### [Collected data entries]
↓↓↓

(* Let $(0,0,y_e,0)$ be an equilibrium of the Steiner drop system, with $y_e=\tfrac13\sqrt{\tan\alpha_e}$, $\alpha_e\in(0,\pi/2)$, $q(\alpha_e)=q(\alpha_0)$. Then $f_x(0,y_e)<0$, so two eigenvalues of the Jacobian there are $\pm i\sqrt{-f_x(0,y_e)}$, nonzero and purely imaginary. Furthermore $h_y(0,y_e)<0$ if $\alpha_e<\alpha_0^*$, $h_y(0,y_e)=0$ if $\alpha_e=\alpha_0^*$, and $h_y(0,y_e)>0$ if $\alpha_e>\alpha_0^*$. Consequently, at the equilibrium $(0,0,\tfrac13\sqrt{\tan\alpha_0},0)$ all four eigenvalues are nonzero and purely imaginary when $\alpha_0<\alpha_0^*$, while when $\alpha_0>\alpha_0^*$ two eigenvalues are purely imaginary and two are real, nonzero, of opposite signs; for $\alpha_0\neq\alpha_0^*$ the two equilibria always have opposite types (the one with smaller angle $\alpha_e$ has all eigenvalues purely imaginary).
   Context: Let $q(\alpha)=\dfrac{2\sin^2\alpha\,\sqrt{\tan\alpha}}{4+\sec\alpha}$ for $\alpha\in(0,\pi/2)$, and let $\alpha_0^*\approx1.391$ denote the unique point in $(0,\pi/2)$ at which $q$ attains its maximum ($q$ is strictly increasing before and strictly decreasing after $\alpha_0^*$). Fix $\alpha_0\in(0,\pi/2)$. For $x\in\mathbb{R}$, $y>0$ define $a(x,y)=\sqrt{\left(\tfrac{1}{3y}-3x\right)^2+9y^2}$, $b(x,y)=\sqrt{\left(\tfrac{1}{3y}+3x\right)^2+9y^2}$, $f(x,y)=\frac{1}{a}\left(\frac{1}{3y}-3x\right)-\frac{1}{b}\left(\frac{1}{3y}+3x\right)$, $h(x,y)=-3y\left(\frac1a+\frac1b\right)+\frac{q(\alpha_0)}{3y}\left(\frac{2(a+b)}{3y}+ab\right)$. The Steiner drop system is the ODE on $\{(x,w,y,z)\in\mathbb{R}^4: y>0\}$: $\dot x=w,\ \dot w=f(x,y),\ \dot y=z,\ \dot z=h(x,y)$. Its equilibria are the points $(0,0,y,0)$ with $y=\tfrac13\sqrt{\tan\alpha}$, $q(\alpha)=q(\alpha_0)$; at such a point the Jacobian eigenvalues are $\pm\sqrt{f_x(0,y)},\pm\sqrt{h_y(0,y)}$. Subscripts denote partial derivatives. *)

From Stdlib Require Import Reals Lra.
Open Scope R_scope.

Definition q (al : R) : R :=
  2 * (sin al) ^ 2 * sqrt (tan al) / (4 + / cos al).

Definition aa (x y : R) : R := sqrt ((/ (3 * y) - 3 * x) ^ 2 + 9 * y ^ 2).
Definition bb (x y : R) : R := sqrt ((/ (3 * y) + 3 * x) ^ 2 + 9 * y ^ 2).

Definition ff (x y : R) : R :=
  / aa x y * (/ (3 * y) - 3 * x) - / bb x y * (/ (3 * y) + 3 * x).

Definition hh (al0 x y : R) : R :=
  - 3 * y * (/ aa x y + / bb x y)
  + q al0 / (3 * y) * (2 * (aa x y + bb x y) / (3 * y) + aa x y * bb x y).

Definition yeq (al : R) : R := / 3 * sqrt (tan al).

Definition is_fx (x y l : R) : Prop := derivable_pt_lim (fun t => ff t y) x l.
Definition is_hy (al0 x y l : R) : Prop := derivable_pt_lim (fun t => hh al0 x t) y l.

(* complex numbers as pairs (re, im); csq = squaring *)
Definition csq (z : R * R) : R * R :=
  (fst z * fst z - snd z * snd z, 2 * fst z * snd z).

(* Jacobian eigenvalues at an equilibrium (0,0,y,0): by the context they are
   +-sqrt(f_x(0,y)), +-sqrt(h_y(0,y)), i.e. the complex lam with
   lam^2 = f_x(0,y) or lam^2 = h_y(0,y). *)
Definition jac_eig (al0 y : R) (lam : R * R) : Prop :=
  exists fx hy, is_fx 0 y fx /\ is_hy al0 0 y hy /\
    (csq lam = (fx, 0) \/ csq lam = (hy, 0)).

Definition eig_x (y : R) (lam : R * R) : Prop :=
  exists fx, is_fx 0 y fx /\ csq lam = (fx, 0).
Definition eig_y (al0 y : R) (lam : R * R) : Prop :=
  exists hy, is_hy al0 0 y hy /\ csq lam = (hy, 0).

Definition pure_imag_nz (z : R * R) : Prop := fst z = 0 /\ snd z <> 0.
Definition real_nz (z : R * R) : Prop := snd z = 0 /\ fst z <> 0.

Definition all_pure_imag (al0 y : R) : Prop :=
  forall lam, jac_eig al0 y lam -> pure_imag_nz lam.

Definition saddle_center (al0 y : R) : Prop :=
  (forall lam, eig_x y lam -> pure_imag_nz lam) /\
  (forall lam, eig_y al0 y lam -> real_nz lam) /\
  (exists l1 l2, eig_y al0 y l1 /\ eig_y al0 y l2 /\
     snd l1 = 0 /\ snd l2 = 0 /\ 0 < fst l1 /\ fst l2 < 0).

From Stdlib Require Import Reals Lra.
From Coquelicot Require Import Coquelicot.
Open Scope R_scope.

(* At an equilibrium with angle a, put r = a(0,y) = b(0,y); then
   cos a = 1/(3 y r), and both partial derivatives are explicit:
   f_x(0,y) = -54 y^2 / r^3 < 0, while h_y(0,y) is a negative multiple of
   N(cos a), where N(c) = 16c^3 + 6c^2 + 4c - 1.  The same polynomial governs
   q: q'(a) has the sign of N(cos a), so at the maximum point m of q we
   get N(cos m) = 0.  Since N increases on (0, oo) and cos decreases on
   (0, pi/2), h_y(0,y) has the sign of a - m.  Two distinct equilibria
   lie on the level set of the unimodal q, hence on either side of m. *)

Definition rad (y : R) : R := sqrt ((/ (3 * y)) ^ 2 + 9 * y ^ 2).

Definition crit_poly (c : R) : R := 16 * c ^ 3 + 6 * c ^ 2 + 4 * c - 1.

↑↑↑

### [WHAT IS BEING ASKED]
Take each line above that contains "system" and copy it out.

### [YOUR RESPONSE]
(* Let $(0,0,y_e,0)$ be an equilibrium of the Steiner drop system, with $y_e=\tfrac13\sqrt{\tan\alpha_e}$, $\alpha_e\in(0,\pi/2)$, $q(\alpha_e)=q(\alpha_0)$. Then $f_x(0,y_e)<0$, so two eigenvalues of the Jacobian there are $\pm i\sqrt{-f_x(0,y_e)}$, nonzero and purely imaginary. Furthermore $h_y(0,y_e)<0$ if $\alpha_e<\alpha_0^*$, $h_y(0,y_e)=0$ if $\alpha_e=\alpha_0^*$, and $h_y(0,y_e)>0$ if $\alpha_e>\alpha_0^*$. Consequently, at the equilibrium $(0,0,\tfrac13\sqrt{\tan\alpha_0},0)$ all four eigenvalues are nonzero and purely imaginary when $\alpha_0<\alpha_0^*$, while when $\alpha_0>\alpha_0^*$ two eigenvalues are purely imaginary and two are real, nonzero, of opposite signs; for $\alpha_0\neq\alpha_0^*$ the two equilibria always have opposite types (the one with smaller angle $\alpha_e$ has all eigenvalues purely imaginary).
   Context: Let $q(\alpha)=\dfrac{2\sin^2\alpha\,\sqrt{\tan\alpha}}{4+\sec\alpha}$ for $\alpha\in(0,\pi/2)$, and let $\alpha_0^*\approx1.391$ denote the unique point in $(0,\pi/2)$ at which $q$ attains its maximum ($q$ is strictly increasing before and strictly decreasing after $\alpha_0^*$). Fix $\alpha_0\in(0,\pi/2)$. For $x\in\mathbb{R}$, $y>0$ define $a(x,y)=\sqrt{\left(\tfrac{1}{3y}-3x\right)^2+9y^2}$, $b(x,y)=\sqrt{\left(\tfrac{1}{3y}+3x\right)^2+9y^2}$, $f(x,y)=\frac{1}{a}\left(\frac{1}{3y}-3x\right)-\frac{1}{b}\left(\frac{1}{3y}+3x\right)$, $h(x,y)=-3y\left(\frac1a+\frac1b\right)+\frac{q(\alpha_0)}{3y}\left(\frac{2(a+b)}{3y}+ab\right)$. The Steiner drop system is the ODE on $\{(x,w,y,z)\in\mathbb{R}^4: y>0\}$: $\dot x=w,\ \dot w=f(x,y),\ \dot y=z,\ \dot z=h(x,y)$. Its equilibria are the points $(0,0,y,0)$ with $y=\tfrac13\sqrt{\tan\alpha}$, $q(\alpha)=q(\alpha_0)$; at such a point the Jacobian eigenvalues are $\pm\sqrt{f_x(0,y)},\pm\sqrt{h_y(0,y)}$. Subscripts denote partial derivatives. *)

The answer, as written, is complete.